You need some SLA/QOS to address that. Guessing the average queue time
does not reduce its variation hence the risk of not finishing it by the
time promised. You can use replication (i.e. race competing jobs) to
reduce that variation (assuming that it follows some reasonable
distribution), but I don't see how there could be a guarantee.

>  The same applies for other remaining tasks in the workflow.
> 
> I felt besides offline planning, runtime adaptation is necessary
> considering task duration variation (overrun) and faults. But the
> number of updates should be kept minimum and only for the very near
> future as the workflow proceeds. I am writing a paper on this and
> hopefully I could share it with you guys in a few weeks.
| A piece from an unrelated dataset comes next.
(* Let all notions be as in the context. (1) If $(\Gamma,\mathsf{eval}\ e,S)\Longrightarrow^{*}(\Delta,\mathsf{eval}\ w,S)$ is a balanced evaluation (with $w$ a weak head normal form), then $\Gamma;\mathrm{upd}(S);e\Downarrow\Delta;w$. (2) If $(\Gamma,\mathsf{match}\ A\ m,S)\Longrightarrow^{*}(\Delta,\mathsf{match}\ [\,]\ r,S)$ is a balanced evaluation (with $r$ a matching result), then $\Gamma;\mathrm{upd}(S);A;m\Downarrow_M\Delta;r$.
   Context: The language $\lambda_{\mathrm{PMC}}$ (in normalized form). Expressions: $e ::= x \mid e\,y \mid \lambda m \mid c(y_1,\ldots,y_n)$, where $x,y,y_i$ are variables, $c$ ranges over constructors, and application arguments and constructor arguments are variables. Matchings: $m ::= \mathsf{ret}(e) \mid \mathsf{fail} \mid p \Rightarrow m \mid y \triangleright m \mid m_1 \mid m_2 \mid (m\ \mathsf{where}\ \{x_1=e_1;\ldots;x_n=e_n\})$ (return expression, failure, pattern match, argument supply, alternative, local possibly recursive bindings). Patterns: $p ::= x \mid c(p_1,\ldots,p_n)$ (patterns may be nested). The matching $y_1 \triangleright p_1 \Rightarrow \cdots \Rightarrow y_n \triangleright p_n \Rightarrow m$ associates to the right: $y_1 \triangleright (p_1 \Rightarrow (y_2 \triangleright (\cdots (p_n \Rightarrow m)\cdots)))$. $m[y/x]$ denotes capture-avoiding substitution of $y$ for free occurrences of $x$. Arity: $\mathrm{ar}(\mathsf{ret}(e))=0$, $\mathrm{ar}(\mathsf{fail})=0$, $\mathrm{ar}(p\Rightarrow m)=1+\mathrm{ar}(m)$, $\mathrm{ar}(y\triangleright m)=\max(0,\mathrm{ar}(m)-1)$, $\mathrm{ar}(m_1\mid m_2)=\mathrm{ar}(m_1)$ if $\mathrm{ar}(m_1)=\mathrm{ar}(m_2)$ (undefined otherwise), $\mathrm{ar}(m\ \mathsf{where}\ b)=\mathrm{ar}(m)$. Weak head normal forms: $w ::= \lambda m$ with $\mathrm{ar}(m)>0$, or $c(y_1,\ldots,y_n)$. Matching results: $r ::= \mathsf{ret}(e) \mid \mathsf{fail}$. A heap $\Gamma,\Delta,\Theta$ is a finite map from variables to expressions; $\Gamma[y\mapsto e]$ maps $y$ to $e$ and otherwise agrees with $\Gamma$. An argument stack $A$ is a list of variables; for such a list define $[\,]\triangleright e = e$ and $(y:ys)\triangleright e = ys \triangleright (e\,y)$. $L$ is a set of variables. Big-step semantics: two mutually inductive judgments $\Gamma;L;e \Downarrow \Delta;w$ and $\Gamma;L;A;m \Downarrow_M \Delta;r$ defined by the rules: (Whnf) $\Gamma;L;w \Downarrow \Gamma;w$. (Sat) if $\mathrm{ar}(m)=0$, $\Gamma;L;[\,];m \Downarrow_M \Delta;\mathsf{ret}(e)$ and $\Delta;L;e\Downarrow\Theta;w$, then $\Gamma;L;\lambda m \Downarrow \Theta;w$. (Var) if $\Gamma;L\cup\{y\};e \Downarrow \Delta;w$ then $\Gamma[y\mapsto e];L;y \Downarrow \Delta[y\mapsto w];w$. (App) if $\Gamma;L;e\Downarrow\Delta;\lambda m$ and $\Delta;L;\lambda(y\triangleright m)\Downarrow\Theta;w$ then $\Gamma;L;(e\,y)\Downarrow\Theta;w$. (Return) $\Gamma;L;A;\mathsf{ret}(e)\Downarrow_M\Gamma;\mathsf{ret}(A\triangleright e)$. (Fail) $\Gamma;L;A;\mathsf{fail}\Downarrow_M\Gamma;\mathsf{fail}$. (Arg) if $\Gamma;L;(y:A);m\Downarrow_M\Delta;r$ then $\Gamma;L;A;y\triangleright m\Downarrow_M\Delta;r$. (Bind) if $\Gamma;L;A;m[y/x]\Downarrow_M\Delta;r$ then $\Gamma;L;(y:A);x\Rightarrow m\Downarrow_M\Delta;r$. (Cons1) if $\Gamma;L;y\Downarrow\Delta;c(y_1,\ldots,y_n)$ and $\Delta;L;A;y_1\triangleright p_1\Rightarrow\cdots\Rightarrow y_n\triangleright p_n\Rightarrow m\Downarrow_M\Theta;r$ then $\Gamma;L;(y:A);c(p_1,\ldots,p_n)\Rightarrow m\Downarrow_M\Theta;r$. (Cons2) if $\Gamma;L;y\Downarrow\Delta;c'(y_1,\ldots,y_k)$ with $c\neq c'$ then $\Gamma;L;(y:A);c(p_1,\ldots,p_n)\Rightarrow m\Downarrow_M\Delta;\mathsf{fail}$. (Alt1) if $\Gamma;L;A;m_1\Downarrow_M\Delta;\mathsf{ret}(e)$ then $\Gamma;L;A;(m_1\mid m_2)\Downarrow_M\Delta;\mathsf{ret}(e)$. (Alt2) if $\Gamma;L;A;m_1\Downarrow_M\Delta;\mathsf{fail}$ and $\Delta;L;A;m_2\Downarrow_M\Theta;r$ then $\Gamma;L;A;(m_1\mid m_2)\Downarrow_M\Theta;r$. (Where) if $\Gamma[y_i\mapsto\hat e_i];L;A;\hat m\Downarrow_M\Delta;r$ then $\Gamma;L;A;(m\ \mathsf{where}\ \{x_i=e_i\})\Downarrow_M\Delta;r$, where the $y_i$ are fresh (occur neither free nor bound in $\Gamma$, $L$, $A$, or $m$), $\hat e_i=e_i[y_1/x_1,\ldots,y_n/x_n]$ and $\hat m=m[y_1/x_1,\ldots,y_n/x_n]$. Abstract machine. Controls: $C ::= \mathsf{eval}\ e \mid \mathsf{match}\ A\ m$. Continuations: $k ::= y \mid\ !y \mid \$ \mid ?(A,m) \mid @(A, c(\vec p)\Rightarrow m)$. A return stack $S$ is a list of continuations. Configurations are triples $(\Gamma, C, S)$. Transitions $\Longrightarrow$: (App1) $(\Gamma,\mathsf{eval}\ (e\,y),S)\Longrightarrow(\Gamma,\mathsf{eval}\ e,y:S)$. (App2) $(\Gamma,\mathsf{eval}\ \lambda m,y:S)\Longrightarrow(\Gamma,\mathsf{eval}\ \lambda(y\triangleright m),S)$ if $\mathrm{ar}(m)>0$. (Sat) $(\Gamma,\mathsf{eval}\ \lambda m,S)\Longrightarrow(\Gamma,\mathsf{match}\ [\,]\ m,\$:S)$ if $\mathrm{ar}(m)=0$. (Var) $(\Gamma[y\mapsto e],\mathsf{eval}\ y,S)\Longrightarrow(\Gamma,\mathsf{eval}\ e,!y:S)$. (Update) $(\Gamma,\mathsf{eval}\ w,!y:S)\Longrightarrow(\Gamma[y\mapsto w],\mathsf{eval}\ w,S)$. (Return1A) $(\Gamma,\mathsf{match}\ A\ \mathsf{ret}(e),S)\Longrightarrow(\Gamma,\mathsf{match}\ [\,]\ \mathsf{ret}(A\triangleright e),S)$ if $A\neq[\,]$. (Return1B) $(\Gamma,\mathsf{match}\ [\,]\ \mathsf{ret}(e),\$:S)\Longrightarrow(\Gamma,\mathsf{eval}\ e,S)$. (Return2) $(\Gamma,\mathsf{match}\ [\,]\ \mathsf{ret}(e),?(A',m):S)\Longrightarrow(\Gamma,\mathsf{match}\ [\,]\ \mathsf{ret}(e),S)$. (Bind) $(\Gamma,\mathsf{match}\ (y:A)\ (x\Rightarrow m),S)\Longrightarrow(\Gamma,\mathsf{match}\ A\ m[y/x],S)$. (Cons1) $(\Gamma,\mathsf{match}\ (y:A)\ (c(\vec p)\Rightarrow m),S)\Longrightarrow(\Gamma,\mathsf{eval}\ y,@(A,c(\vec p)\Rightarrow m):S)$. (Cons2) $(\Gamma,\mathsf{eval}\ c(y_1,\ldots,y_n),@(A,c(p_1,\ldots,p_n)\Rightarrow m):S)\Longrightarrow(\Gamma,\mathsf{match}\ A\ (y_1\triangleright p_1\Rightarrow\cdots\Rightarrow y_n\triangleright p_n\Rightarrow m),S)$. (Fail) $(\Gamma,\mathsf{eval}\ c'(y_1,\ldots,y_k),@(A,c(p_1,\ldots,p_n)\Rightarrow m):S)\Longrightarrow(\Gamma,\mathsf{match}\ [\,]\ \mathsf{fail},S)$ if $c\neq c'$. (Arg) $(\Gamma,\mathsf{match}\ A\ (y\triangleright m),S)\Longrightarrow(\Gamma,\mathsf{match}\ (y:A)\ m,S)$. (Alt1) $(\Gamma,\mathsf{match}\ A\ (m_1\mid m_2),S)\Longrightarrow(\Gamma,\mathsf{match}\ A\ m_1,?(A,m_2):S)$. (Alt2) $(\Gamma,\mathsf{match}\ A'\ \mathsf{fail},?(A,m):S)\Longrightarrow(\Gamma,\mathsf{match}\ A\ m,S)$. (Where) $(\Gamma,\mathsf{match}\ A\ (m\ \mathsf{where}\ \{x_i=e_i\}),S)\Longrightarrow(\Gamma[y_i\mapsto\hat e_i],\mathsf{match}\ A\ \hat m,S)$ with $y_i$ fresh, $\hat e_i=e_i[y_1/x_1,\ldots,y_n/x_n]$, $\hat m=m[y_1/x_1,\ldots,y_n/x_n]$. $\Longrightarrow^{*}$ is the reflexive–transitive closure of $\Longrightarrow$. A sequence of transitions $(\Gamma,C,S)\Longrightarrow^{*}(\Delta,C',S)$ is balanced if the initial and final return stacks are identical and every intermediate return stack has the form $k_1:k_2:\cdots:k_n:S$ (an extension of the initial stack). For a return stack $S$, $\mathrm{upd}(S)=\{y : (!y)\in S\}$ is the set of variables marked for update in $S$. *)

From Stdlib Require Import List Arith PeanoNat.
Import ListNotations.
This implies
> that the Swift code could be submitted a little bit more eagerly with
> a short-sighted look ahead.

I remember somebody mentioning (or having implemented) a similar scheme.
If we have  dependent jobs a and b, in swift that would go something
like:
Qa + Ra + Qb + Rb (where Qx - queuing time and Rx run time)

But there's also the possibility of submitting B earlier by the average
queue time or less and than having it wait until A produces its results.
But then glide-ins/coasters, that's pretty much what they do.